What to work on: From the records below, copy out exactly the lines from the one containing "have hy0 : 2" to the one containing "- rewrite corefl_comm", both included. Add nothing else.

Data listing below:

Definition sdiv (k : nat) (x : A) : Prop := exists y : A, x = s ^+ k * y.

Definition sconv (u : nat -> A) (x : A) : Prop :=
  forall k, exists N, forall n, (N <= n)%N -> sdiv k (x - u n).

Definition ssum (f : nat -> A) (x : A) : Prop :=
  sconv (fun N => \sum_(n < N) f n) x.

Definition sseparated : Prop := forall x : A, (forall k, sdiv k x) -> x = 0.

Definition scomplete : Prop :=
  forall u : nat -> A,
    (forall k, exists N, forall m n, (N <= m)%N -> (N <= n)%N -> sdiv k (u m - u n)) ->
    exists x, sconv u x.

(* A is a sigma-adically complete (and separated) R[[sigma]]-algebra. *)
Definition sadic_algebra : Prop := [/\ central, sseparated & scomplete].

End SigmaAdic.

Definition alg_hom (R : realType) (A B : algType R) (f : A -> B) : Prop :=
  [/\ forall x y, f (x + y) = f x + f y,
      forall x y, f (x * y) = f x * f y,
      f 1 = 1 &
      forall (a : R) x, f (a *: x) = a *: f x].

(* terms of the series exp(c s X) = sum_n c^n s^n X^n / n!  and
   (exp(c s X) - 1)/(c s) = sum_n c^n s^n X^(n+1) / (n+1)!  (c = 1 or -1) *)
Definition exp_term (R : realType) (A : algType R) (c : R) (s X : A) (n : nat) : A :=
  (c ^+ n / (n`!)%:R) *: (s ^+ n * X ^+ n).
Definition expm1_div_term (R : realType) (A : algType R) (c : R) (s X : A) (n : nat) : A :=
  (c ^+ n / (n.+1`!)%:R) *: (s ^+ n * X ^+ n.+1).

From HB Require Import structures.
From mathcomp Require Import all_boot all_order all_algebra.
From mathcomp Require Import reals.
Import Order.TTheory GRing.Theory Num.Theory.
Local Open Scope ring_scope.
Set Implicit Arguments. Unset Strict Implicit. Unset Printing Implicit Defensive.
Definition cycle_cols (j : 'I_d) : option 'I_n :=
  if j \in cycle_rows then Some (cs (index j cycle_rows)) else None.

(* Column rs t of this minor is column cs t of A; when the support of A on these
   rows and columns is the cycle rs t -- cs t -- rs (t - 1) (indices mod k), the
   only permutations with nonvanishing product are 1 and cycle_rot. *)
Definition cycle_minor (A : 'M[int]_(d, n)) := colsub (mixed_cols cycle_cols) (row_mx B A).

Lemma cycle_cols_inj : injective (mixed_cols cycle_cols).
Proof.
apply: mixed_cols_inj => j j' c; rewrite /cycle_cols.
case: (cycle_rowsP j) => [[t ltk ->] | _] //; case: (cycle_rowsP j') => [[t' ltk' ->] | _] //.
by rewrite !index_rs // => -[<-] -[/(cs_inj ltk' ltk) ->].
Qed.

Lemma cycle_minor_rs A i t : (t < k)%N -> cycle_minor A i (rs t) = A i (cs t).
Proof. by move=> ltk; rewrite mixed_colsE /cycle_cols rs_in_cycle_rows ?index_rs. Qed.

Lemma cycle_minor_out A i j : j \notin cycle_rows -> cycle_minor A i j = B i j.
Proof. by move=> out; rewrite mixed_colsE /cycle_cols (negbTE out). Qed.

Definition cycle_rot_fun (j : 'I_d) : 'I_d :=
  if j \in cycle_rows then rs (cyc_pred k (index j cycle_rows)) else j.

Lemma cycle_rot_fun_inj : injective cycle_rot_fun.
Proof.
move=> j j'; rewrite /cycle_rot_fun.
case: (cycle_rowsP j) => [[t ltk ->] | out]; case: (cycle_rowsP j') => [[t' ltk' ->] | out'] //.
- rewrite !index_rs // => /rs_inj; rewrite !cyc_pred_lt // => /(_ isT isT) e.
  by congr rs; move: e; case: t ltk => [|t]; case: t' ltk' => [|t'] /=; lia.
- by rewrite index_rs // => e; case: out'; exists (cyc_pred k t); rewrite ?cyc_pred_lt ?e.
- by rewrite index_rs // => e; case: out; exists (cyc_pred k t'); rewrite ?cyc_pred_lt.
Qed.
Lemma bernoulli_moment1 t : \sum_f w f * (f t)%:R = q.
Proof.
have := bernoulli_moment [set t]; rewrite cards1 expr1 => <-.
by apply: eq_bigr => f _; rewrite big_set1.
Qed.

Lemma bernoulli_moment2 t t' : t != t' ->
  \sum_f w f * ((f t)%:R * (f t')%:R) = q ^+ 2.
Proof.
move=> tt'; have := bernoulli_moment [set t; t']; rewrite cards2 tt' => <-.
by apply: eq_bigr => f _; rewrite big_setU1 ?big_set1 ?inE.
Qed.

Hypothesis q_ge0 : 0 <= q.
Hypothesis q_le1 : q <= 1.

Lemma bernoulli_weight_ge0 f : 0 <= w f.
Proof. by apply: prodr_ge0 => t _; case: (f t); rewrite ?subr_ge0. Qed.

Definition expect2 (F : {ffun T -> bool} -> {ffun T -> bool} -> R) : R :=
  \sum_f \sum_g w f * w g * F f g.

Lemma ler_expect2 F G : (forall f g, F f g <= G f g) -> expect2 F <= expect2 G.
Proof.
move=> FG; apply: ler_sum => f _; apply: ler_sum => g _.
by rewrite ler_wpM2l ?mulr_ge0 ?bernoulli_weight_ge0.
Qed.

Lemma eq_expect2 F G : (forall f g, F f g = G f g) -> expect2 F = expect2 G.
Proof. by move=> FG; apply: eq_bigr => f _; apply: eq_bigr => g _; rewrite FG. Qed.

Lemma expect2Z c F : expect2 (fun f g => c * F f g) = c * expect2 F.
Proof.
rewrite /expect2 mulr_sumr; apply: eq_bigr => f _; rewrite mulr_sumr.
by apply: eq_bigr => g _; rewrite mulrCA.
Qed.

Lemma expect2D F G : expect2 (fun f g => F f g + G f g) = expect2 F + expect2 G.
Proof.
rewrite /expect2 -big_split; apply: eq_bigr => f _; rewrite -big_split.
by apply: eq_bigr => g _; rewrite mulrDr.
Qed.

Lemma expect2_sum_prod (I : finType) (a : I -> R) (F G : I -> {ffun T -> bool} -> R) :
  expect2 (fun f g => \sum_i a i * F i f * G i g) =
  \sum_i a i * (\sum_f w f * F i f) * (\sum_g w g * G i g).
Proof.
rewrite /expect2; under eq_bigr do under eq_bigr do rewrite mulr_sumr.
under eq_bigr do rewrite exchange_big /=.
rewrite exchange_big /=; apply: eq_bigr => i _.
rewrite -mulrA big_distrl mulr_sumr; apply: eq_bigr => f _ /=.
rewrite big_distrr mulr_sumr; apply: eq_bigr => g _ /=.
ring.
Qed.

End BernoulliSampling.

Section CrossingLemma.
Variables (T : finType) (v : T -> R).
Hypothesis v_inj : injective v.

Lemma natr_crossings (S : {set T * T}) : ((crossings v S)%:R : R) =
  \sum_(p : (T * T) * (T * T)) [&& p.1 \in S, p.2 \in S & crossing v p.1 p.2]%:R.
Proof.
rewrite /crossings natr_sum; under eq_bigr do rewrite natr_sum.
rewrite pair_big big_mkcond /=; apply: eq_bigr => -[x y] _ /=.
by case: (x \in S) (y \in S) => [] [].
Qed.

Definition sample (S : {set T * T}) (f g : {ffun T -> bool}) : {set T * T} :=
  [set x in S | f x.1 && g x.2].

Lemma expect2_card_rows q :
  expect2 q (fun (f : {ffun T -> bool}) _ => #|[set t | f t]|%:R) = q * #|T|%:R.
Proof.
rewrite (eq_expect2 q (G := fun f g => \sum_t 1 * (f t)%:R * 1)) ?expect2_sum_prod.
  rewrite (eq_bigr (fun _ => q)) ?sumr_const ?mulr_natr // => t _.
  rewrite bernoulli_moment1 (eq_bigr _ (fun g _ => mulr1 _)).
  by rewrite bernoulli_weight_sum; ring.
by move=> f g; rewrite natr_card; apply: eq_bigr => t _; rewrite inE mul1r mulr1.
Qed.
(* Test the quantum condition of [b] on [alpha_k]; [s_b(alpha_k) < 0] because [b],
   not being [alpha_k], has a positive coordinate off [k]. *)
Lemma quantum_pairing_sbasis w i k : is_quantum A (act A w (sbasis i)) ->
  0 < pairing A (coact A w (sbasis i)) (sbasis k) -> act A w (sbasis i) <> sbasis k ->
  pairing A (coact A w (sbasis i)) (sbasis k) = 1.
Proof.
move=> [[_ b_ge0] qb] p_gt0 bk.
apply: (qb w i erefl _ (pos_root_sbasis A k)); last by move=> e; apply: bk.
split; first exact/is_root_conj/is_root_sbasis.
have [l lk bl] := pos_root_support hG b_ge0 bk.
have bl_gt0 : 0 < act A w (sbasis i) l by rewrite lt0r bl b_ge0.
case: (root_sign_vec hG (is_root_conj w i (is_root_sbasis A k))) => // h.
move: (h l); rewrite act_conj_word // !ffunE (negbTE lk) /=.
by move: p_gt0 bl_gt0; nia.
Qed.

Lemma quantum_cons_down w i k : is_quantum A (act A w (sbasis i)) ->
  pairing A (coact A w (sbasis i)) (sbasis k) = 1 -> act A w (sbasis i) <> sbasis k ->
  is_quantum A (act A (k :: w) (sbasis i)).
Proof.
move=> qb ck bk; have c1k := pairing_coroot_cons w i k; rewrite ck in c1k.
have pb1 : pos_root A (act A (k :: w) (sbasis i)) by apply: pos_root_refl => //; case: qb.
apply: (is_quantum_word hG pb1 (erefl _)) => g pg ng gb1.
have gk : g <> sbasis k.
  move=> e; rewrite e act_conj_word // c1k in ng.
  apply: (pos_neg_root hG _ ng); split; first by case: ng.
  move=> j; rewrite lincombE opprK !mul1r.
  by apply: addr_ge0; [exact: nonneg_sbasis | exact: (proj2 pb1)].
have ne : act A (conj_word (k :: w) i) g <> - sbasis k.
  move=> e; apply: (pos_neg_root hG pg); split; first by case: pg.
  move=> j; rewrite (conj_word_opp_sbasis e) c1k lincombE !mulN1r -opprD oppr_le0.
  by apply: addr_ge0; [exact: nonneg_sbasis | exact: (proj2 pb1)].
exact: quantum_pairing_refl qb pg gk ng ne gb1.
Qed.

End Quantum.

Section QuantumCoroots.
Variable I : finType.
Variable A : I -> I -> int.
Hypothesis hG : is_GCM A.
Implicit Types (x y : vec I) (w : seq I) (i j k l : I).
Let A2 : forall i, A i i = 2. Proof. by case: hG. Qed.
Let A_le0 : forall i j, i != j -> A i j <= 0. Proof. by case: hG => _ []. Qed.
Let A_eq0C : forall i j, A i j = 0 <-> A j i = 0. Proof. by case: hG => _ []. Qed.

Inductive qcoroot : vec I -> Prop :=
| qcoroot_sbasis i : qcoroot (sbasis i)
| qcoroot_corefl x k : qcoroot x -> pairing A x (sbasis k) = -1 -> qcoroot (corefl A k x).

Lemma qcoroot_quantum x : qcoroot x ->
  exists w i, x = coact A w (sbasis i) /\ is_quantum A (act A w (sbasis i)).
Proof.
elim=> [i|y k _ [w [i [-> qb]]] hp]; first by exists [::], i; split; last exact: quantum_sbasis.
by exists (k :: w), i; split; last exact: quantum_cons_up.
Qed.

Definition height x : int := \sum_j x j.

Lemma height_corefl k x : height (corefl A k x) = height x - pairing A x (sbasis k).
Proof.
rewrite /height; under eq_bigr => j _ do rewrite coreflE.
by rewrite sumrB (sum_mul_delta (fun=> pairing A x (sbasis k))).
Qed.

Lemma height_ge0 x : nonneg_vec x -> 0 <= height x.
Proof. by move=> x_ge0; apply: sumr_ge0 => j _; exact: x_ge0. Qed.

Lemma exists_pairing_sbasis_gt0 w i : nonneg_vec (act A w (sbasis i)) ->
  exists k, 0 < pairing A (coact A w (sbasis i)) (sbasis k).
Proof.
move=> b_ge0; case: (boolP [exists k, 0 < pairing A (coact A w (sbasis i)) (sbasis k)]).
  by case/existsP => k; exists k.
move/existsPn => h; have := pairing_coroot_root hG w i; rewrite pairing_sum_sbasisr => e.
suff : \sum_l act A w (sbasis i) l * pairing A (coact A w (sbasis i)) (sbasis l) <= 0 by rewrite e.
by apply: sumr_le0 => l _; apply: mulr_ge0_le0; [exact: b_ge0 | rewrite leNgt h].
Qed.

(* Descend along [r_k] with [<b^v, alpha_k> > 0]: by [quantum_pairing_sbasis] this pairing is 1,
   so the height of [b^v] drops by one while quantumness is kept. *)
Lemma quantum_qcoroot w i : is_quantum A (act A w (sbasis i)) -> qcoroot (coact A w (sbasis i)).
Proof.
have [n] := ubnP (absz (height (coact A w (sbasis i)))).
elim: n w i => // n IH w i lt_n qb; have b_ge0 := proj2 (proj1 qb).
case: (boolP [exists l, act A w (sbasis i) == sbasis l]).
  by case/existsP => l /eqP e; rewrite (coroot_of_simple hG e); exact: qcoroot_sbasis.
move/existsPn => nsimple; have [k pk] := exists_pairing_sbasis_gt0 b_ge0.
have bk : act A w (sbasis i) <> sbasis k by move=> e; move: (nsimple k); rewrite e eqxx.
have ck := quantum_pairing_sbasis hG qb pk bk.
have qb1 := quantum_cons_down hG qb ck bk.
have h1 : height (coact A (k :: w) (sbasis i)) = height (coact A w (sbasis i)) - 1.
  by rewrite /= height_corefl ck.
have h1_ge0 := height_ge0 (coroot_ge0 hG (proj2 (proj1 qb1))).
rewrite -[coact A w _](coreflK k A2); apply: qcoroot_corefl.
  by apply: IH qb1; move: lt_n h1_ge0; rewrite h1; lia.
by rewrite pairing_coroot_cons // ck.
Qed.

Lemma qcoroot_ge0 x : qcoroot x -> nonneg_vec x.
Proof.
elim=> [i|y k _ IH hp] j; first exact: nonneg_sbasis.
by rewrite coreflE hp mulN1r opprK addr_ge0.
Qed.

Lemma corefl_pairingN1 x k : pairing A x (sbasis k) = -1 ->
  forall j, corefl A k x j = x j + (j == k)%:R.
Proof. by move=> hp j; rewrite coreflE hp mulN1r opprK. Qed.

(* Induction on the chain [x = r_k y]: either the last step [r_k] raises [x_k] to [>= 2], or
   [y_k = 0] and the step [r_k'] found for [y] commutes with [r_k], because
   [-1 = <y, alpha_k> <= y_k' a_{k',k}] with [y_k' >= 2] forces [a_{k',k} = 0]. *)
Lemma qcoroot_peel x : qcoroot x -> (exists k, 2 <= x k) ->
  exists k, [/\ 2 <= x k, pairing A x (sbasis k) = 1 & qcoroot (corefl A k x)].
Proof.
elim=> [i [k]|y k qy IH yk [k0 hk0]]; first by rewrite sbasisE; case: (k == i).
have y_ge0 := qcoroot_ge0 qy; have ex := corefl_pairingN1 yk.
case: (lerP 2 (corefl A k y k)) => hk.
  exists k; split => //; last by rewrite coreflK.
  by rewrite pairing_corefl_sbasis // yk opprK.
have yk0 : y k = 0 by move: hk (y_ge0 k); rewrite ex eqxx; lia.
have k0k : k0 != k by apply/eqP => e; move: hk0 hk; rewrite e; lia.
have hy0 : 2 <= y k0 by move: hk0; rewrite ex (negbTE k0k) addr0.
have [k1 [hk1 p1 q1]] := IH (ex_intro _ k0 hy0).
have k1k : k1 != k by apply/eqP => e; move: hk1; rewrite e yk0.
have Ak1k : A k1 k = 0.
  have : \sum_l y l * A l k <= y k1 * A k1 k.
    rewrite (bigD1 k1) //= gerDl; apply: sumr_le0 => l _.
    case: (eqVneq l k) => [->|lk]; first by rewrite yk0 mul0r.
    by apply: mulr_ge0_le0; [exact: y_ge0 | exact: A_le0].
  by rewrite -pairing_sbasisr yk; have := A_le0 k1k; nia.
have Akk1 : A k k1 = 0 by apply/A_eq0C.
exists k1; split.
- by rewrite ex (negbTE k1k) addr0.
- by rewrite pairing_corefl p1 yk Akk1; ring.
- rewrite corefl_comm //; apply: qcoroot_corefl => //.
  by rewrite pairing_corefl p1 yk Ak1k; ring.
Qed.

End of Data listing.

Solution to this exercise:
have hy0 : 2 <= y k0 by move: hk0; rewrite ex (negbTE k0k) addr0.
have [k1 [hk1 p1 q1]] := IH (ex_intro _ k0 hy0).
have k1k : k1 != k by apply/eqP => e; move: hk1; rewrite e yk0.
have Ak1k : A k1 k = 0.
  have : \sum_l y l * A l k <= y k1 * A k1 k.
    rewrite (bigD1 k1) //= gerDl; apply: sumr_le0 => l _.
    case: (eqVneq l k) => [->|lk]; first by rewrite yk0 mul0r.
    by apply: mulr_ge0_le0; [exact: y_ge0 | exact: A_le0].
  by rewrite -pairing_sbasisr yk; have := A_le0 k1k; nia.
have Akk1 : A k k1 = 0 by apply/A_eq0C.
exists k1; split.
- by rewrite ex (negbTE k1k) addr0.
- by rewrite pairing_corefl p1 yk Akk1; ring.
- rewrite corefl_comm //; apply: qcoroot_corefl => //.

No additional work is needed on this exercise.